Man konnte nicht genau wissen, was eigentlich in Gunnerus’ Kopf vorgegangen war. Er musste das Gefühl gehabt haben, dass seine Welt zusammenstürzte, als ihm der junge Journalist mit seinen Enthüllungen drohte. Vibe Herzog hatte einfach nur Pech gehabt. Warwick hatte ihrem blauäugigen Idealismus ein Ende bereitet, indem er ihr von dem eigentlichen Zweck der finanziellen Transaktionen erzählt hatte, mit denen sie Gunnerus jahrelang behilflich gewesen war. Und als sie ihn anschließend anrief, um sich bei ihm zu beschweren, hatte sie ihr eigenes Todesurteil unterschrieben. Das Problem war, dass Thor kaum mehr als Indizien gegen Gunnerus hatte, bevor sie seine Zusammenarbeit mit Herzog genauer untersucht hätten. Aber wenn er Gunnerus dazu bringen konnte, sich selbst zu verraten, weil er Angst hatte, dass Anisa ihn verriet … Wenn Thor ihn richtig einschätzte, war Gunnerus auf dem Weg hierher, um Anisa wegzubringen, ehe die Polizei ankam.

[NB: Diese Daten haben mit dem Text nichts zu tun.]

(* The sets $H_\pm$ intersect $\partial(T^*E_{2\delta_0}\times\mathbb{R})\subset J^1(S)$ transversely. Moreover, $H_\pm(2\delta_0)$ is invariant under the Reeb flow of $dz-p\,dq$, and its projection $\overline H_\pm(2\delta_0)\subset T^*E_{2\delta_0}$ is a smooth $J_0$-complex subvariety.
   Context: $\alpha_0=dx_3-x_2\,dx_1+x_1\,dx_2$ on $\mathbb{R}^3$. Fix $\delta_0>0$ and let $S\subset\mathbb{R}^3$ be the smooth boundary of a compact convex set containing the origin in its interior, symmetric under reflection in the $y_1y_2$-plane and rotations about the $y_3$-axis, such that $S\cap\{y_1^2+y_2^2\le 9\delta_0^2\}=\{(y_1,y_2,\pm1): y_1^2+y_2^2\le 9\delta_0^2\}$; $\nu$ is the outward unit normal. For $0<k<3$ put $E_{k\delta_0}=\{(y_1,y_2,\pm1): y_1^2+y_2^2\le k^2\delta_0^2\}\subset S$. $S^*\mathbb{R}^3=\mathbb{R}^3\times S$ (contact form $y\cdot dx$) is identified with $J^1(S)=T^*S\times\mathbb{R}$ (contact form $dz-p\,dq$, $p\in T_qS$) via $(x,y)\mapsto(y,x-(x\cdot\nu(y))\nu(y),x\cdot y)$. $H_\pm=\{(x,y)\in S^*\mathbb{R}^3: y=t(-x_2,x_1,1),\ \pm t>0\}$, viewed in $J^1(S)$; $H_\pm(k\delta_0)=H_\pm\cap(T^*E_{k\delta_0}\times\mathbb{R})$; bars denote images under the projection $J^1(S)\to T^*S$. $J_0$ is the standard integrable complex structure on $T^*E_{3\delta_0}$ via the identification $((u_1,u_2,\pm1),(v_1,v_2,0))\mapsto(u_1+iv_1,u_2+iv_2)\in\mathbb{C}^2$. *)

From mathcomp Require Import all_boot all_algebra.
From mathcomp Require Import all_classical all_reals all_analysis.
Import GRing.Theory Num.Theory numFieldNormedType.Exports.
Local Open Scope ring_scope.
Local Open Scope classical_set_scope.

Set Implicit Arguments.
Unset Strict Implicit.
Unset Printing Implicit Defensive.

Section Defs.
Variable R : realType.

Definition vec3 (a b c : R) : 'rV[R]_3 := \row_(i < 3) nth 0 [:: a; b; c] i.
(* the i-th coordinate (i = 0,1,2 stands for y_1, y_2, y_3 of the paper) *)
Definition cx (y : 'rV[R]_3) (i : nat) : R := y ord0 (inord i).
Definition dot3 (x y : 'rV[R]_3) : R := \sum_(i < 3) x ord0 i * y ord0 i.

Definition is_convex (K : set 'rV[R]_3) :=
  forall a b, K a -> K b -> forall t : R, 0 <= t <= 1 -> K ((1 - t) *: a + t *: b).

(* topological boundary of a closed set *)
Definition bdry (K : set 'rV[R]_3) : set 'rV[R]_3 := K `\` interior K.

(* iterated directional derivatives; C^infinity = Frechet differentiable
   to all orders *)
Fixpoint iterD (vs : seq 'rV[R]_3) (f : 'rV[R]_3 -> R) : 'rV[R]_3 -> R :=
  match vs with
  | [::] => f
  | v :: vs' => fun x => 'D_v (iterD vs' f) x
  end.
Definition smooth3 (f : 'rV[R]_3 -> R) :=
  forall (vs : seq 'rV[R]_3) (x : 'rV[R]_3), differentiable (iterD vs f) x.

Oder sie zu liquidieren.
Das Risiko, dass etwas schiefging, war eigentlich viel zu groß, aber Thor sah keine andere Möglichkeit. Kraus würde sicher ausflippen, wenn er erfuhr, dass Thor ihn hintergangen hatte. Und auch gegenüber Polizeidirektor Lange käme er dann in Erklärungsnot. Doch schon als er Warwicks Aufnahme gehört hatte, wusste er, dass er keine andere Wahl hatte. Technische Beweise zu finden, wäre schwer, und es blieb ihm nichts anderes übrig, als eine Falle zu stellen. Kraus und dem Rest der Abteilung hatte er das verschwiegen, weil es nicht nur aus ethischen Gründen problematisch war, sondern auch gegen das Gesetz verstieß. Er war allerdings zu dem Schluss gekommen, dass es leichter war, um Verzeihung zu bitten als um Erlaubnis. Aber das Problem war natürlich, dass man ihm nur verzeihen würde, wenn der Plan auch gelang.

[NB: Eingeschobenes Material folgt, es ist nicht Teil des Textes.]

Lemma cauchy_converges {R : realType} {V : completeNormedModType R[i]} (u : nat -> V) :
  (forall e : R, 0 < e -> exists N, forall i j, (N <= i)%N -> (N <= j)%N ->
     rnorm (u i - u j) < e) ->
  exists l, converges_to u l.
Proof.
move=> uC.
have : cauchy_ex (u @ \oo).
  move=> e e0; have re := complex_realE (ltW e0).
  have [N hN] : exists N, forall i j, (N <= i)%N -> (N <= j)%N ->
      rnorm (u i - u j) < complex.Re e by apply: uC; rewrite -ltcR -re.
  exists (u N), N => // n /= ltNn.
  by rewrite -ball_normE /= normr_rnorm re ltcR; apply: hN.
move=> /cauchy_exP /cauchy_cvg /cvgrPdist_lt ucvg.
exists (lim (u @ \oo)) => e e0.
have [N _ hN] := ucvg e%:C ltac:(by rewrite ltcR).
by exists N => j /hN; rewrite normr_rnorm ltcR.
Qed.

Section Subspace.
Context {R : realType} {V : completeNormedModType R[i]} (A : set V)
  (Asub : Defs.subspace A).

Lemma subspace0 : A 0.
Proof. by case: Asub. Qed.

Lemma subspaceZD a x y : A x -> A y -> A (a *: x + y).
Proof. by case: Asub => _; apply. Qed.

Lemma subspaceB x y : A x -> A y -> A (x - y).
Proof. by move=> Ax Ay; have := subspaceZD (-1) Ay Ax; rewrite scaleN1r addrC. Qed.

End Subspace.

Section DenseApprox.
Context {R : realType} {V : completeNormedModType R[i]} (D : set V)
  (Ddense : closure D = setT).

Lemma dense_approx v (e : R) : 0 < e -> exists d, D d /\ rnorm (v - d) < e.
Proof.
move=> e0; have : closure D v by rewrite Ddense.
move=> /(_ (ball v e%:C)) []; first by apply: nbhsx_ballx; rewrite ltcR.
by move=> d [Dd vd]; exists d; move: vd; rewrite -ball_normE /= normr_rnorm ltcR.
Qed.

Definition approx v (j : nat) : V :=
  sval (cid (dense_approx v (ltac:(by rewrite invr_gt0 ltr0n) : 0 < j.+1%:R^-1))).

Lemma approx_in v j : D (approx v j).
Proof. by rewrite /approx; case: cid => ? []. Qed.

Lemma converges_to_approx v : converges_to (approx v) v.
Proof.
move=> e /inv_succ_lt [N hN]; exists N => j /hN; apply: lt_trans.
by rewrite /approx; case: cid => ? [].
Qed.

Lemma bounded_eq_on_dense (L1 L2 : {linear V -> V}) :
  bounded_op L1 -> bounded_op L2 -> (forall d, D d -> L1 d = L2 d) -> L1 =1 L2.
Proof.
move=> /bounded_opP [C1 /ltW C10 hC1] /bounded_opP [C2 /ltW C20 hC2] L12 v.
apply: (converges_to_unique (converges_to_bounded C10 hC1 (converges_to_approx v))).
apply: eq_converges_to (converges_to_bounded C20 hC2 (converges_to_approx v)) => j.
by rewrite L12 //; apply: approx_in.
Qed.

End DenseApprox.

Section Extension.
Context {R : realType} {V : completeNormedModType R[i]} (D : set V)
  (Dsub : Defs.subspace D) (Ddense : closure D = setT) (f : V -> V)
  (f_lin : forall a x y, D x -> D y -> f (a *: x + y) = a *: f x + f y)
  (C : R) (C0 : 0 <= C) (f_bound : forall x, D x -> rnorm (f x) <= C * rnorm x).

Lemma lipschitz_on_dense x y : D x -> D y -> rnorm (f x - f y) <= C * rnorm (x - y).
Proof.
move=> Dx Dy; have := f_lin (-1) Dy Dx; rewrite !scaleN1r !(addrC (- _)) => <-.
by apply: f_bound; apply: subspaceB.
Qed.

Lemma cauchy_approx_image v (e : R) : 0 < e -> exists N, forall i j,
  (N <= i)%N -> (N <= j)%N -> rnorm (f (approx Ddense v i) - f (approx Ddense v j)) < e.
Proof.
move=> e0; have C1 : 0 < 2 * C + 1 by have := C0; lra.
have d0 := divr_gt0 e0 C1; have [N hN] := converges_to_approx Ddense v d0.
exists N => i j /hN vi /hN vj.
have : (2 * C + 1) * (e / (2 * C + 1)) = e by rewrite mulrC divfK //; lra.
set d := e / (2 * C + 1) in d0 vi vj * => ed.
apply: le_lt_trans (lipschitz_on_dense (approx_in _ _ _) (approx_in _ _ _)) _.
have := rnorm_triangle (approx Ddense v i) v (approx Ddense v j).
rewrite [rnorm (approx _ _ _ - v)]rnormB => tri.
have : C * rnorm (approx Ddense v i - approx Ddense v j) <= C * (2 * d).
  by apply: ler_wpM2l => //; lra.
have := C0; lra.
Qed.

Definition extension_fun v : V := sval (cid (cauchy_converges (cauchy_approx_image v))).

Lemma converges_to_extension v :
  converges_to (fun j => f (approx Ddense v j)) (extension_fun v).
Proof. by rewrite /extension_fun; case: cid. Qed.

Und jetzt, wo er hier vor dem Schuppen stand, wurde er zunehmend nervöser. Er schaute auf sein Telefon, um zu sehen, ob das Telecenter neue Bewegungen meldete, aber er hatte plötzlich keinen Empfang mehr. Er schaltete das Telefon mehrmals hintereinander ein und aus, doch es half nichts. Vorsichtig warf er einen Blick durch eine dreckige Scheibe, konnte jedoch nichts sehen. Hatte er nicht in einem der Fenster Licht gesehen, als er am Ende des Weges gestanden und die Umgebung beobachtet hatte?

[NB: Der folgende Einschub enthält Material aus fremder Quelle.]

Theorem proposition3p5 (A : finZmodType) (p1 p2 t : nat) (q : 'I_t -> nat) :
  (3 <= #|A|)%N -> (1 <= p1)%N -> (1 <= t)%N -> (forall i, 1 <= q i)%N ->
  is_vertex_magic (@H1adj p1 p2 t q) A <->
  (p2 = 0%N /\
   (p1 = 1%N ->
      (forall u, H1adj (H1v1 p1 p2 q) u -> support_vertex (@H1adj p1 p2 t q) u ->
                 strong_support (@H1adj p1 p2 t q) u) /\
      exists h g : A, involution h /\ g != 0 /\ g != h /\
                      h != g *+ (deg (@H1adj p1 p2 t q) (H1v1 p1 p2 q) - 2)) /\
   ((2 <= p1)%N ->
      (forall u, H1adj (H1v1 p1 p2 q) u -> support_vertex (@H1adj p1 p2 t q) u ->
                 strong_support (@H1adj p1 p2 t q) u) /\
      ~~ odd #|A|)).
Proof.
move=> A_ge3 p1_gt0 _ q_gt0; rewrite H1_vertex_magicP // deg_v1.
have deg_t : p1 = 1%N -> (1 + (p1 + t) - 2 = t)%N by lia.
split=> [[p2_0 q_gt1 [c [mu [c_inv mu_nz mu_c c_t]]]] | [p2_0 [p1_1P p1_ge2P]]].
  have strong := (strong_support_nbrs_v1 p1 p2 t q p1_gt0 p2_0 q_gt0).2 q_gt1.
  split=> //; split=> [p1_1 | _]; split=> //.
    by exists c, mu; rewrite deg_t //; do !split=> //; apply: c_t.
  by apply/even_card_involution; exists c.
have strong_q := (strong_support_nbrs_v1 p1 p2 t q p1_gt0 p2_0 q_gt0).1.
have [p1_1 | p1_ge2] : p1 = 1%N \/ (2 <= p1)%N by lia.
  case: (p1_1P p1_1) => /strong_q q_gt1 [h [g [h_inv [g_nz [g_h h_g]]]]].
  by split=> //; exists h, g; split=> //; rewrite -deg_t.
case: (p1_ge2P p1_ge2) => /strong_q q_gt1 /even_card_involution [c c_inv].
have [mu /andP [mu_nz mu_c]] := nonzero_avoiding A_ge3 c.
by split=> //; exists c, mu; split=> // p1_1; move: p1_ge2; rewrite p1_1.
Qed.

Er schlich erneut um die Ecke und blieb bei der Eingangstür stehen. Einen Moment lang verharrte er reglos, dann nahm er seine Pistole und überlegte, ob er die Tür öffnen konnte, indem er sich gegen den maroden Türrahmen warf. Er hielt seine Walther PPK in Hüfthöhe und prüfte, ob sie entsichert war. Vorsichtig fasste er an den Türgriff. Dann entdeckte er etwas auf dem Boden. Er beugte sich hinunter und hob eine massive Eisenkette auf, die halb im Schnee eingesunken war. An ihrem Ende baumelte ein Hängeschloss. Beides sah neu aus und konnte noch nicht lange im Schnee gelegen haben. Dann öffnete er die Tür.
»Anisa Farah?«, rief er.
*
Linnea war froh, dass sie das Tachometer vom Beifahrersitz aus nicht sehen konnte. Das Brachland auf der Rückseite des Hauptbahnhofs mit dem Bahnkörper und den Containerplätzen rauschte vorbei, und sie tippte, dass Kraus mindestens hundert Stundenkilometer fuhr, obwohl die Straßen selbst im Stadtzentrum ziemlich glatt waren. Doch wenn sich Gunnerus tatsächlich in Nokken aufhielt, mussten sie sich beeilen, um rechtzeitig dort zu sein. Während Kraus versuchte, sich durch den dichten Verkehr zu schlängeln, gelang es Linnea, den Polizeifunk zu bedienen, als sich der Streifenpolizist vor Ort erneut meldete.
»Von hier aus haben wir das meiste im Blick«, sagte er. »Er ist irgendwie mit den vertäuten Booten beschäftigt. Sollen wir ihm nachgehen?«
Linnea blickte fragend zu Kraus, der den Kopf schüttelte.
»Es ist am wichtigsten, den Schuppen zu bewachen, wo Anisa sich versteckt hält«, erwiderte Kraus. »Achtet darauf, ob er sich nähert. Und sorgt um Himmels willen dafür, dass er euch nicht sieht!«
Er drehte sich zu Linnea um.
»Ob er weiß, dass wir unterwegs sind?«
Linnea hatte in der Zwischenzeit ihr Handy hervorgeholt und starrte auf ihre Position auf dem Stadtplan. Der kleine Punkt bewegte sich hastig auf dem Enghavevej Richtung Süden, und sie scrollte eifrig nach rechts.